• SUPPLIED INFORMATION

--------------------------------

(* Let $n\ge 3$ and $k\ge 1$, and let $H\in\mathcal{H}_k$. Then \[ \Gamma_{\rm S}(C_n,H)=kn+\left\lceil \frac{n}{3}\right\rceil . \]
   Context: $C_n$ is the cycle on $n$ vertices; $\gamma$ is the domination number. For $k\ge 1$, $\mathcal{H}_k$ is the class of all finite graphs $H$ with the following two properties: (a) $\gamma(H)=k+1$ and $\gamma(H-v)=k$ for every vertex $v\in V(H)$; (b) for all $x,y\in V(H)$ (where $x=y$ is allowed) there exists a minimum dominating set of $H$ containing both $x$ and $y$. For graphs $G,H$ and a function $f\colon V(G)\to V(H)$, the Sierpiński product $G\otimes_f H$ is the graph with vertex set $V(G)\times V(H)$ and edges of two types: (type 1) $(g,h)(g,h')$ for every $g\in V(G)$ and every edge $hh'\in E(H)$; (type 2) $(g,f(g'))(g',f(g))$ for every edge $gg'\in E(G)$. $\Gamma_{\rm S}(G,H)=\max_{f}\gamma(G\otimes_f H)$ over all functions $f\colon V(G)\to V(H)$. *)

From mathcomp Require Import all_boot.
Set Implicit Arguments. Unset Strict Implicit. Unset Printing Implicit Defensive.

Record sgraph := SGraph {
  vert : finType;
  adj : rel vert;
  adj_sym : symmetric adj;
  adj_irr : irreflexive adj }.

Definition dominating (G : sgraph) (D : {set vert G}) : bool :=
  [forall x, (x \in D) || [exists y in D, adj y x]].

(* domination number: minimum size of a dominating set (the whole vertex
   set is always dominating, so #|V| is a valid default). *)
Definition gamma (G : sgraph) : nat :=
  \big[minn/#|vert G|]_(D : {set vert G} | dominating D) #|D|.

Definition min_dom_set (G : sgraph) (D : {set vert G}) : bool :=
  dominating D && (#|D| == gamma G).

Definition del_type (G : sgraph) (v : vert G) : finType :=
  {x : vert G | x != v}.

Definition del_adj (G : sgraph) (v : vert G) : rel (del_type v) :=
  fun x y => adj (val x) (val y).

Lemma del_adj_sym (G : sgraph) (v : vert G) : symmetric (@del_adj G v).
Proof. by move=> x y; rewrite /del_adj adj_sym. Qed.

Lemma del_adj_irr (G : sgraph) (v : vert G) : irreflexive (@del_adj G v).
Proof. by move=> x; rewrite /del_adj adj_irr. Qed.

Definition del_vertex (G : sgraph) (v : vert G) : sgraph :=
  SGraph (@del_adj_sym G v) (@del_adj_irr G v).

Definition in_Hk (k : nat) (H : sgraph) : Prop :=
  gamma H = k.+1 /\
  (forall v : vert H, gamma (del_vertex v) = k) /\
  (forall x y : vert H, exists D : {set vert H},
      min_dom_set D /\ x \in D /\ y \in D).

(* The cycle C_n on vertex set 'I_n (intended for n >= 3). *)
Definition cyc_adj (n : nat) : rel 'I_n :=
  fun i j => (j == (i.+1 %% n) :> nat) || (i == (j.+1 %% n) :> nat) .

Definition cyc_adj' (n : nat) : rel 'I_n :=
  fun i j => (i != j) && cyc_adj i j.

Lemma cyc_adj'_sym n : symmetric (@cyc_adj' n).
Proof. by move=> i j; rewrite /cyc_adj' /cyc_adj eq_sym orbC. Qed.

Lemma cyc_adj'_irr n : irreflexive (@cyc_adj' n).
Proof. by move=> i; rewrite /cyc_adj' eqxx. Qed.

Definition cycle_graph (n : nat) : sgraph :=
  SGraph (@cyc_adj'_sym n) (@cyc_adj'_irr n).

Definition sp_adj (G H : sgraph) (f : vert G -> vert H)
  : rel (vert G * vert H)%type :=
  fun p q =>
    ((p.1 == q.1) && adj p.2 q.2) ||
    (adj p.1 q.1 && (p.2 == f q.1) && (q.2 == f p.1)).

Lemma sp_adj_sym G H f : symmetric (@sp_adj G H f).
Proof.
move=> p q; rewrite /sp_adj eq_sym (adj_sym p.2) (adj_sym p.1); congr orb.
by case: (adj q.1 p.1); case: (q.2 == f p.1); case: (p.2 == f q.1).
Qed.

Lemma sp_adj_irr G H f : irreflexive (@sp_adj G H f).
Proof. by move=> p; rewrite /sp_adj !adj_irr andbF. Qed.

Definition sierpinski (G H : sgraph) (f : vert G -> vert H) : sgraph :=
  SGraph (@sp_adj_sym G H f) (@sp_adj_irr G H f).

Definition GammaS (G H : sgraph) : nat :=
  \max_(f : {ffun vert G -> vert H}) gamma (sierpinski (fun g => f g)).

From mathcomp Require Import all_boot zify.
Set Implicit Arguments. Unset Strict Implicit. Unset Printing Implicit Defensive.

(* For H in H_k and any graph G of maximum degree at most 2,
   Gamma_S(G, H) = k |V(G)| + gamma(G).  For a constant f, a dominating set of
   G (x)_f H has at least k vertices in every layer, and the layers with more
   than k vertices dominate G.  Conversely, for any f and any dominating set S
   of G, put in each layer of S a minimum dominating set of H containing the
   images of the (at most two) neighbours, and in every other layer g a
   dominating set of H - f(s) of size k, for a neighbour s of g in S.  The
   theorem then follows from gamma(C_n) = ceil(n/3). *)

Definition nbhd (G : sgraph) (x : vert G) : {set vert G} := [set y | adj x y].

--------------------------------

• REQUIRED ACTION
The expected answer is a copy of each line in the records that holds the word "sierpinski".

• ANSWER TO THE PROBLEM
Definition sierpinski (G H : sgraph) (f : vert G -> vert H) : sgraph :=
  \max_(f : {ffun vert G -> vert H}) gamma (sierpinski (fun g => f g)).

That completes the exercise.